_What to do:_ Up to the line containing "case=> j []; rewrite size_rev => hj hjn.", nothing is kept; from that line through the end of the data below, output every line exactly.

★ ★ ★

Lemma low_block_of_threshold q l v : 1 <= q -> q + l <= n.+1 -> v <= n ->
  (forall x, q <= x < q + l -> ent w x <= v) ->
  (forall z, 1 <= z <= n -> z < q \/ q + l <= z -> v < ent w z) ->
  low_block w q l.
Proof.
move=> hq hql hvn hin hout.
have hvl : v <= l.
  have := uniq_leq_size (iota_uniq 1 v) (s2 := map (ent w) (iota q l)).
  rewrite size_map !size_iota; apply=> u; rewrite mem_iota => hu.
  have [z hz hzu] := ent_onto w_perm (v := u) ltac:(lia).
  rewrite -hzu map_f // mem_iota.
  case: (ltnP z q) => hzq; first by have := hout z hz (or_introl hzq); lia.
  by case: (ltnP z (q + l)) => hzl //; have := hout z hz (or_intror hzl); lia.
split => //; first by rewrite (is_perm_size w_perm).
by move=> x hx; have := hin x hx; have := ent_range w_perm (x := x); lia.
Qed.

End LowBlock.

Definition avoids_all (w : seq nat) :=
  [/\ ~ contains_3241 w, ~ contains_1423 w, ~ contains_4132 w,
      ~ contains_2314 w & (~ contains_231 w /\ ~ contains_132 w)].

Section Reversal.
Variable w : seq nat.
Local Notation n := (size w).

Lemma ent_rev x : 1 <= x <= n -> ent (rev w) x = ent w (n - x).+1.
Proof. by move=> hx; rewrite /ent nth_rev; [congr nth; lia | lia]. Qed.

Lemma ent_revS x : x < n -> ent (rev w) x.+1 = ent w (n - x).
Proof. by move=> hx; rewrite ent_rev; [congr ent; lia | lia]. Qed.

Lemma contains4_rev :
  [/\ contains_3241 (rev w) -> contains_1423 w, contains_1423 (rev w) -> contains_3241 w,
      contains_4132 (rev w) -> contains_2314 w & contains_2314 (rev w) -> contains_4132 w].
Proof.
split; case=> i [j []]; rewrite size_rev => hi hij hj; rewrite !ent_revS ?ent_rev; try lia;
  by case=> *; exists (n - j), (n - i); do !split; lia.
Qed.

Lemma contains_231_rev : contains_231 (rev w) -> contains_132 w.
Proof.
case=> i []; rewrite size_rev => hi hin.
rewrite ent_revS ?ent_rev ?subnn; try lia.
by move=> *; exists (n - i); do !split; lia.
Qed.

Lemma contains_132_rev : contains_132 (rev w) -> contains_231 w.
Proof.
case=> j []; rewrite size_rev => hj hjn.
rewrite (ent_revS (x := 0)) ?(ent_revS (x := j)) ?(ent_rev (x := j)) ?subn0; try lia.
by move=> *; exists (n - j); do !split; lia.
Qed.

Lemma avoids_all_rev : avoids_all w -> avoids_all (rev w).
Proof.
case=> h3241 h1423 h4132 h2314 [h231 h132]; have [r3241 r1423 r4132 r2314] := contains4_rev.
by split; [move/r3241 | move/r1423 | move/r4132 | move/r2314
  | split; [move/contains_231_rev | move/contains_132_rev]].
Qed.

Lemma is_perm_rev k : is_perm k w -> is_perm k (rev w).
Proof. by rewrite /is_perm perm_rev. Qed.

★ ★ ★

_Exercise answer:_
case=> j []; rewrite size_rev => hj hjn.
rewrite (ent_revS (x := 0)) ?(ent_revS (x := j)) ?(ent_rev (x := j)) ?subn0; try lia.
by move=> *; exists (n - j); do !split; lia.
Qed.

Lemma avoids_all_rev : avoids_all w -> avoids_all (rev w).
Proof.
case=> h3241 h1423 h4132 h2314 [h231 h132]; have [r3241 r1423 r4132 r2314] := contains4_rev.
by split; [move/r3241 | move/r1423 | move/r4132 | move/r2314
  | split; [move/contains_231_rev | move/contains_132_rev]].
Qed.

Lemma is_perm_rev k : is_perm k w -> is_perm k (rev w).
Proof. by rewrite /is_perm perm_rev. Qed.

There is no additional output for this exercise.